> _ABOUT THIS TASK_
Copy every line from the records below that holds the word "catA".

[Extracted records]
++++++++++++++++++++

Lemma not_reduced_split w : ~~ reduced (map phi w) ->
  exists a x y c, w = a ++ x :: y :: c /\ phi y = inv (phi x).
Proof.
rewrite /reduced sorted_map => /not_sorted_split [a [x [y [c [-> /negPn /eqP]]]]].
by exists a, x, y, c.
Qed.

Lemma reduce_nil_partner w p y r :
  reduce (map phi w) = [::] -> w = p ++ y :: r ->
  (exists p1 z p2, [/\ p = p1 ++ z :: p2, phi z = inv (phi y) & reduce (map phi p2) = [::]]) \/
  (exists r1 z r2, [/\ r = r1 ++ z :: r2, phi z = inv (phi y) & reduce (map phi r1) = [::]]).
Proof.
move: {2}(size w) (leqnn (size w)) => n.
elim: n w p y r => [|n IH] w p y r le_w red_w def_w.
  by move: le_w; rewrite def_w size_cat addnS.
have /not_reduced_split [a [x [x' [c [def_w' phi_x']]]]] : ~~ reduced (map phi w).
  by apply: contraTN isT => /reduce_id; rewrite red_w def_w map_cat; case: (map phi p).
have le_ac : size (a ++ c) <= n.
  by move: le_w; rewrite def_w' !size_cat /= !addnS ltnS => /ltnW.
have red_ac : reduce (map phi (a ++ c)) = [::] by rewrite -(reduce_map_cancel a c phi_x') -def_w'.
rewrite def_w' in def_w; case: (cat_eq_cat_cons def_w) => [[a2 [def_a def_r]]|[c1 [def_c def_p]]].
  subst a r; case: (IH _ p y (a2 ++ c) le_ac red_ac); first by rewrite -catA.
    by left.
  case=> r1 [z [r2 [def_r phi_z red_r1]]]; right.
  case: (cat_eq_cat_cons def_r) => [[a3 [-> _]]|[c2 [-> def_r1]]].
    by exists r1, z, (a3 ++ x :: x' :: c); rewrite -catA.
  subst r1; exists (a2 ++ x :: x' :: c2), z, r2; rewrite -catA; split=> //.
  by rewrite reduce_map_cancel.
case: c1 def_c def_p => [|x1 [|x2 c1]] /= def_c def_p.
- case: def_c => <- <-; right.
  by exists [::], x', c.
- case: def_c => def_x1 def_y def_r; subst x1 y r; left.
  by exists a, x, [::]; rewrite def_p phi_x' invK.
- case: def_c => def_x1 def_x2 def_c; subst x1 x2 c p.
  case: (IH _ (a ++ c1) y r le_ac red_ac); [by rewrite catA | | by right].
  case=> p1 [z [p2 [def_p phi_z red_p2]]]; left.
  case: (cat_eq_cat_cons def_p) => [[a3 [-> def_p2]]|[c2 [-> _]]].
    subst p2; exists p1, z, (a3 ++ x :: x' :: c1); rewrite -catA; split=> //.
    by rewrite reduce_map_cancel.
  by exists (a ++ x :: x' :: c2), z, p2; rewrite -catA.
Qed.

End Letters.

End FreeReduction.

Section ReduceMap.
Variables (T T' : eqType) (inv : T -> T) (inv' : T' -> T') (phi : T -> T').
Hypotheses (inv'K : involutive inv') (phi_inv : forall x, phi (inv x) = inv' (phi x)).

Lemma reduce_map_reduce w :
  reduce inv' (map phi (reduce inv w)) = reduce inv' (map phi w).
Proof.
suff onto_s s : reduce inv' (map phi (rev (reduce_onto inv s w))) =
                reduce inv' (map phi (rev s ++ w)) by apply: onto_s.
elim: w s => [|x w IH] s /=; first by rewrite cats0.
rewrite IH; case: s => [|y s] //=; case: eqVneq => [->|_].
  rewrite rev_cons -cats1 -catA !map_cat /= phi_inv -{2}[phi x]inv'K.
  by rewrite reduce_cancel.
by rewrite [rev (x :: _)]rev_cons cat_rcons.
Qed.
(* Assume the Framework (the Purification Postulate is not needed). Let $\rho_1,\rho_2,\rho_3\in\mathfrak S_1(\mathrm A)$ with $\rho_1\ne\rho_3$ and $\rho_2=p\rho_1+(1-p)\rho_3$ for some $0<p<1$, and let $\Psi_i\in\mathfrak S_1(\mathrm A\mathrm B)$ be a purification of $\rho_i$ for $i=1,2,3$ (i.e. $\Psi_i$ pure with $(\mathcal I_{\mathrm A}\otimes e_{\mathrm B})\Psi_i=\rho_i$). Then for no finite $N\ge1$ is there a transformation $\mathcal C\in\mathfrak T(\mathrm A^{\otimes N},\mathrm A\mathrm B)$ such that $\mathcal C(\rho_i^{\otimes N})=\Psi_i$ for all $i=1,2,3$.
   Context: Framework. We work in an operational-probabilistic theory: there is a collection of systems $\mathrm A,\mathrm B,\dots$, closed under a composition $\mathrm A\mathrm B$ (associative, symmetric up to a reversible swap, with a trivial system $\mathrm I$ satisfying $\mathrm A\mathrm I=\mathrm A$); for each pair of systems a set $\mathfrak T(\mathrm A,\mathrm B)$ of transformations; a test from $\mathrm A$ to $\mathrm B$ is a finite collection $\{\mathcal C_i\}_{i\in X}\subseteq\mathfrak T(\mathrm A,\mathrm B)$, and every transformation belongs to some test. Tests are closed under sequential composition, parallel composition ($\otimes$), coarse-graining (summing outcomes over the blocks of a partition of $X$) and conditioning (choosing the next test depending on the outcome of the previous one). States of $\mathrm A$ are the elements of $\mathfrak S(\mathrm A):=\mathfrak T(\mathrm I,\mathrm A)$, effects are the elements of $\mathfrak T(\mathrm A,\mathrm I)$, and transformations $\mathrm I\to\mathrm I$ are probabilities in $[0,1]$ (those of a test sum to $1$; composition is multiplication). An effect $a$ and a state $\rho$ give the probability $(a|\rho)$. States (effects) are identified when they give equal probabilities on all effects (states); transformations $\mathcal C,\mathcal C'$ are identified when $\mathcal C\otimes\mathcal I_{\mathrm S}$ and $\mathcal C'\otimes\mathcal I_{\mathrm S}$ act identically on all states of $\mathrm A\mathrm S$ for every system $\mathrm S$. States span a finite-dimensional real vector space $\mathfrak S_{\mathbb R}(\mathrm A)$, transformations act linearly, and $\mathfrak T_{\mathbb R}(\mathrm A,\mathrm B)$ is the real span of $\mathfrak T(\mathrm A,\mathrm B)$. Standing assumptions: (i) causality: each system $\mathrm A$ has a unique deterministic effect $e_{\mathrm A}$ (the effect forming a one-outcome observation test), and $e_{\mathrm A\mathrm B}=e_{\mathrm A}\otimes e_{\mathrm B}$; (ii) local discriminability: if two states of $\mathrm A\mathrm B$ differ, some product effect $a\otimes b$ gives them different probabilities; (iii) all sets of states are closed, the theory is not deterministic (hence all sets of states, effects and transformations are convex), and perfectly distinguishable states exist. A state $\rho$ is normalized if $(e|\rho)=1$; $\mathfrak S_1(\mathrm A)$ is the set of normalized states. A channel is a $\mathcal C\in\mathfrak T(\mathrm A,\mathrm B)$ with $e_{\mathrm B}\circ\mathcal C=e_{\mathrm A}$. A channel $\mathcal U\in\mathfrak T(\mathrm A,\mathrm B)$ is reversible if some channel $\mathcal W\in\mathfrak T(\mathrm B,\mathrm A)$ satisfies $\mathcal W\mathcal U=\mathcal I_{\mathrm A}$, $\mathcal U\mathcal W=\mathcal I_{\mathrm B}$; $\mathbf G_{\mathrm A}$ is the group of reversible channels on $\mathrm A$. The marginal of a state $\sigma$ of $\mathrm A\mathrm B$ on $\mathrm A$ is $(\mathcal I_{\mathrm A}\otimes e_{\mathrm B})\sigma$. Refinement. For $\mathcal C\in\mathfrak T(\mathrm A,\mathrm B)$, write $\mathcal D\prec\mathcal C$ if there are a test $\{\mathcal D_j\}_{j\in Y}$ and $Y_0\subseteq Y$ with $\mathcal C=\sum_{j\in Y_0}\mathcal D_j$ and $\mathcal D\in\{\mathcal D_j\}_{j\in Y_0}$; the refinement set is $D_{\mathcal C}=\{\mathcal D:\mathcal D\prec\mathcal C\}$. $\mathcal C$ is atomic if $\mathcal D\prec\mathcal C$ implies $\mathcal D=\lambda\mathcal C$ for some $\lambda\in[0,1]$. A pure state is an atomic state; a state is mixed otherwise. *)

(* An abstract operational-probabilistic theory (OPT),
   presented through its linear (matrix) representation over a real field R.
   Conventions: a transformation A -> B is a matrix 'M_(dim A, dim B) acting on
   row vectors by right multiplication; "D after C" is C *m D; states of A are
   matrices 'M_(dim I, dim A), effects 'M_(dim A, dim I), with dim I = 1, so that
   probabilities are 1x1 matrices read off by the trace. *)
From HB Require Import structures.
From mathcomp Require Import all_boot all_order all_algebra.
Unset Printing Implicit Defensive.
Import Order.TTheory GRing.Theory Num.Theory.
Local Open Scope ring_scope.

Record OPT (R : realFieldType) := Opt {
  sys : Type;
  sI : sys;
  scomp : sys -> sys -> sys;
  dim : sys -> nat;                           (* dim of the real span of states *)
  transf : forall A B : sys, pred 'M[R]_(dim A, dim B);
  is_test : forall A B : sys, seq 'M[R]_(dim A, dim B) -> Prop;
  par : forall A B C D : sys, 'M[R]_(dim A, dim B) -> 'M[R]_(dim C, dim D) ->
          'M[R]_(dim (scomp A C), dim (scomp B D));
  sswap : forall A B : sys, 'M[R]_(dim (scomp A B), dim (scomp B A));
  compA : forall A B C, scomp (scomp A B) C = scomp A (scomp B C);
  compI : forall A, scomp A sI = A;
}.

Arguments sys {R} _.
Arguments sI {R} _.
Arguments scomp {R} _.
Arguments dim {R} _.
Arguments transf {R} _ A B.
Arguments is_test {R _ A B}.
Arguments par {R _ A B C D}.
Arguments sswap {R} _ A B.
Arguments compA {R} _ A B C.
Arguments compI {R} _ A.

Definition Mx {R : realFieldType} (T : OPT R) (A B : sys T) := 'M[R]_(dim T A, dim T B).

Definition dimAI {R : realFieldType} (T : OPT R) (A : sys T) :
  dim T (scomp T A (sI T)) = dim T A := congr1 (dim T) (compI T A).

(* D ≺ C : D is an outcome, in a subset Y0 of outcomes, of a test whose
   coarse-graining over Y0 is C. *)
Definition refines {R : realFieldType} {T : OPT R} {A B : sys T} (D C : Mx T A B) :=
  exists ds : seq (Mx T A B), is_test ds /\
    exists m : bitseq, C = \sum_(d <- mask m ds) d /\ D \in mask m ds.

Definition atomic {R : realFieldType} {T : OPT R} {A B : sys T} (C : Mx T A B) :=
  C \in transf T A B /\
  forall D : Mx T A B, refines D C -> exists l : R, 0 <= l <= 1 /\ D = l *: C.

Definition is_state {R : realFieldType} {T : OPT R} {A : sys T} (rho : Mx T (sI T) A) :=
  rho \in transf T (sI T) A.

Definition pure_state {R : realFieldType} {T : OPT R} {A : sys T} (rho : Mx T (sI T) A) :=
  atomic rho.

Definition deterministic {R : realFieldType} {T : OPT R} {A : sys T} (e : Mx T A (sI T)) :=
  is_test [:: e].

Definition normalized {R : realFieldType} {T : OPT R} {A : sys T} (rho : Mx T (sI T) A) :=
  is_state rho /\ forall e : Mx T A (sI T), deterministic e -> \tr (rho *m e) = 1.

(* (I_A ⊗ e_B) Psi = rho   (as states of A I = A) *)
Definition marginal_is {R : realFieldType} {T : OPT R} {A B : sys T}
  (Psi : Mx T (sI T) (scomp T A B)) (rho : Mx T (sI T) A) :=
  forall e : Mx T B (sI T), deterministic e ->
    castmx (erefl, dimAI T A) (Psi *m par (1%:M : Mx T A A) e) = rho.

Definition purification {R : realFieldType} {T : OPT R} {A B : sys T}
  (rho : Mx T (sI T) A) (Psi : Mx T (sI T) (scomp T A B)) :=
  normalized Psi /\ pure_state Psi /\ marginal_is Psi rho.

(* tensor product of states, as a state of AB (using I I = I) *)
Definition tens_state {R : realFieldType} {T : OPT R} {A B : sys T}
  (rho : Mx T (sI T) A) (sigma : Mx T (sI T) B) : Mx T (sI T) (scomp T A B) :=
  castmx (dimAI T (sI T), erefl) (par rho sigma).

(* A^{⊗n}: I, A, AA, A(AA), ... *)
Fixpoint tpow {R : realFieldType} (T : OPT R) (A : sys T) (n : nat) : sys T :=
  match n with
  | 0 => sI T
  | S n' => match n' with 0 => A | _ => scomp T A (tpow T A n') end
  end.

Fixpoint spowS {R : realFieldType} {T : OPT R} {A : sys T} (rho : Mx T (sI T) A) (n : nat)
  : Mx T (sI T) (tpow T A n.+1) :=
  match n return Mx T (sI T) (tpow T A n.+1) with
  | 0 => rho
  | S n' => tens_state rho (spowS rho n')
  end.

Definition spow {R : realFieldType} {T : OPT R} {A : sys T} (rho : Mx T (sI T) A) (n : nat)
  : Mx T (sI T) (tpow T A n) :=
  match n return Mx T (sI T) (tpow T A n) with
  | 0 => 1%:M
  | S n' => spowS rho n'
  end.

Definition OPT_axioms {R : realFieldType} (T : OPT R) : Prop :=
  (dim T (sI T) = 1%N) /\
      (forall A B (c : Mx T A B), c \in transf T A B <-> exists cs, is_test cs /\ c \in cs) /\
      (forall A, is_test [:: (1%:M : Mx T A A)]) /\
      (forall A B C (cs : seq (Mx T A B)) (ds : seq (Mx T B C)),
          is_test cs -> is_test ds -> is_test [seq c *m d | c <- cs, d <- ds]) /\
      (forall A B C D (cs : seq (Mx T A B)) (ds : seq (Mx T C D)),
          is_test cs -> is_test ds -> is_test [seq par c d | c <- cs, d <- ds]) /\
      (* coarse-graining over the blocks of a partition *)
      (forall A B (cs : seq (Mx T A B)) (k : nat) (l : 'I_(size cs) -> 'I_k),
          is_test cs -> (forall j, exists i, l i = j) ->
          is_test [seq \sum_(i < size cs | l i == j) cs`_i | j <- enum 'I_k]) /\
      (forall A B C (cs : seq (Mx T A B)) (ds : nat -> seq (Mx T B C)),
          is_test cs -> (forall i, (i < size cs)%N -> is_test (ds i)) ->
          is_test (flatten [seq [seq cs`_i *m d | d <- ds i] | i <- iota 0 (size cs)])) /\
      (forall c : Mx T (sI T) (sI T), c \in transf T (sI T) (sI T) -> 0 <= \tr c <= 1) /\
      (forall cs : seq (Mx T (sI T) (sI T)), is_test cs -> \sum_(c <- cs) \tr c = 1)
  /\
      (forall A B C A' B' C' (f : Mx T A B) (g : Mx T B C) (f' : Mx T A' B') (g' : Mx T B' C'),
          par (f *m g) (f' *m g') = par f f' *m par g g') /\
      (forall A C, par (1%:M : Mx T A A) (1%:M : Mx T C C) = 1%:M) /\
      (forall A B C D (a : R) (x y : Mx T A B) (z : Mx T C D),
          par (a *: x + y) z = a *: par x z + par y z) /\
      (forall A B C D (a : R) (z : Mx T A B) (x y : Mx T C D),
          par z (a *: x + y) = a *: par z x + par z y) /\
      (forall A B (f : Mx T A B),
          par f (1%:M : Mx T (sI T) (sI T)) = castmx (esym (dimAI T A), esym (dimAI T B)) f) /\
      (forall A B C D E F (f : Mx T A B) (g : Mx T C D) (h : Mx T E F),
          castmx (congr1 (dim T) (compA T A C E), congr1 (dim T) (compA T B D F))
                 (par (par f g) h) = par f (par g h)) /\
      (forall A B, is_test [:: sswap T A B] /\ sswap T A B *m sswap T B A = 1%:M) /\
      (forall A B C D (f : Mx T A B) (g : Mx T C D),
          par f g *m sswap T B D = sswap T A C *m par g f) /\
      (forall A (x : Mx T (sI T) A), exists s : seq (R * Mx T (sI T) A),
          (forall q, q \in s -> q.2 \in transf T (sI T) A) /\ x = \sum_(q <- s) q.1 *: q.2) /\
      (forall A (x y : Mx T (sI T) A),
          (forall a, a \in transf T A (sI T) -> \tr (x *m a) = \tr (y *m a)) -> x = y).

Definition Framework {R : realFieldType} (T : OPT R) : Prop :=
  OPT_axioms T /\
      (forall A, exists! e : Mx T A (sI T), deterministic e) /\
      (forall A B (eA : Mx T A (sI T)) (eB : Mx T B (sI T)),
          deterministic eA -> deterministic eB ->
          deterministic (castmx (erefl, dimAI T (sI T)) (par eA eB))) /\
      (forall A B (Psi Phi : Mx T (sI T) (scomp T A B)),
          is_state Psi -> is_state Phi -> Psi <> Phi ->
          exists (a : Mx T A (sI T)) (b : Mx T B (sI T)),
            [/\ a \in transf T A (sI T), b \in transf T B (sI T) &
              \tr (Psi *m castmx (erefl, dimAI T (sI T)) (par a b))
              <> \tr (Phi *m castmx (erefl, dimAI T (sI T)) (par a b))]) /\
      (forall A (x : Mx T (sI T) A),
          (forall eps : R, 0 < eps -> exists y, is_state y /\ forall i j, `|x i j - y i j| < eps) ->
          is_state x) /\
      (* (iii) not deterministic, hence convex: every binary coin exists *)
      ((exists c : Mx T (sI T) (sI T), c \in transf T (sI T) (sI T) /\ 0 < \tr c < 1) /\
       (forall q : R, 0 <= q <= 1 ->
          is_test [:: (q%:M : Mx T (sI T) (sI T)); (1 - q)%:M])) /\
      (exists A (rho sigma : Mx T (sI T) A) (a b : Mx T A (sI T)),
          [/\ normalized rho, normalized sigma, is_test [:: a; b],
              \tr (rho *m a) = 1 & \tr (sigma *m b) = 1]).

(* Conditioning a coin test with
   outcome probabilities (p, 1-p) on tests containing rho1 and rho3 shows that
   p rho1 is a refinement of rho2 (in the sense of [refines]).  Refinement is
   stable under parallel composition and under post-composition with any
   transformation, so p^N rho1^{⊗N} refines rho2^{⊗N}, and p^N C(rho1^{⊗N})
   refines C(rho2^{⊗N}).  If C maps rho_i^{⊗N} to Psi_i, then p^N Psi1 refines
   the pure state Psi2, hence is proportional to it; both being normalized,
   Psi1 = Psi2.  Symmetrically Psi3 = Psi2, so the marginals rho1 and rho3
   coincide, contradicting rho1 <> rho3. *)
From Pilot Require Import Defs.
From HB Require Import structures.
From mathcomp Require Import all_boot all_order all_algebra.
Import Order.TTheory GRing.Theory Num.Theory.
Local Open Scope ring_scope.

Lemma subseq_allpairs (S U V : eqType) (f : S -> U -> V) (s1 s2 : seq S) (t1 t2 : seq U) :
  subseq s1 s2 -> subseq t1 t2 ->
  subseq [seq f x y | x <- s1, y <- t1] [seq f x y | x <- s2, y <- t2].
Proof.
move=> + sub_t; elim: s2 s1 => [|x s2 IH] [|y s1] //=; rewrite ?sub0seq //.
case: eqP => [-> sub_s | _ sub_s].
  by apply: cat_subseq; [apply: map_subseq | apply: IH].
rewrite -[X in subseq X _]cat0s; apply: cat_subseq; first exact: sub0seq.
exact: (IH (y :: s1)).
Qed.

++++++++++++++++++++

> _YOUR RESPONSE_
  subst a r; case: (IH _ p y (a2 ++ c) le_ac red_ac); first by rewrite -catA.
    by exists r1, z, (a3 ++ x :: x' :: c); rewrite -catA.
  subst r1; exists (a2 ++ x :: x' :: c2), z, r2; rewrite -catA; split=> //.
  case: (IH _ (a ++ c1) y r le_ac red_ac); [by rewrite catA | | by right].
    subst p2; exists p1, z, (a3 ++ x :: x' :: c1); rewrite -catA; split=> //.
  by exists (a ++ x :: x' :: c2), z, p2; rewrite -catA.
  rewrite rev_cons -cats1 -catA !map_cat /= phi_inv -{2}[phi x]inv'K.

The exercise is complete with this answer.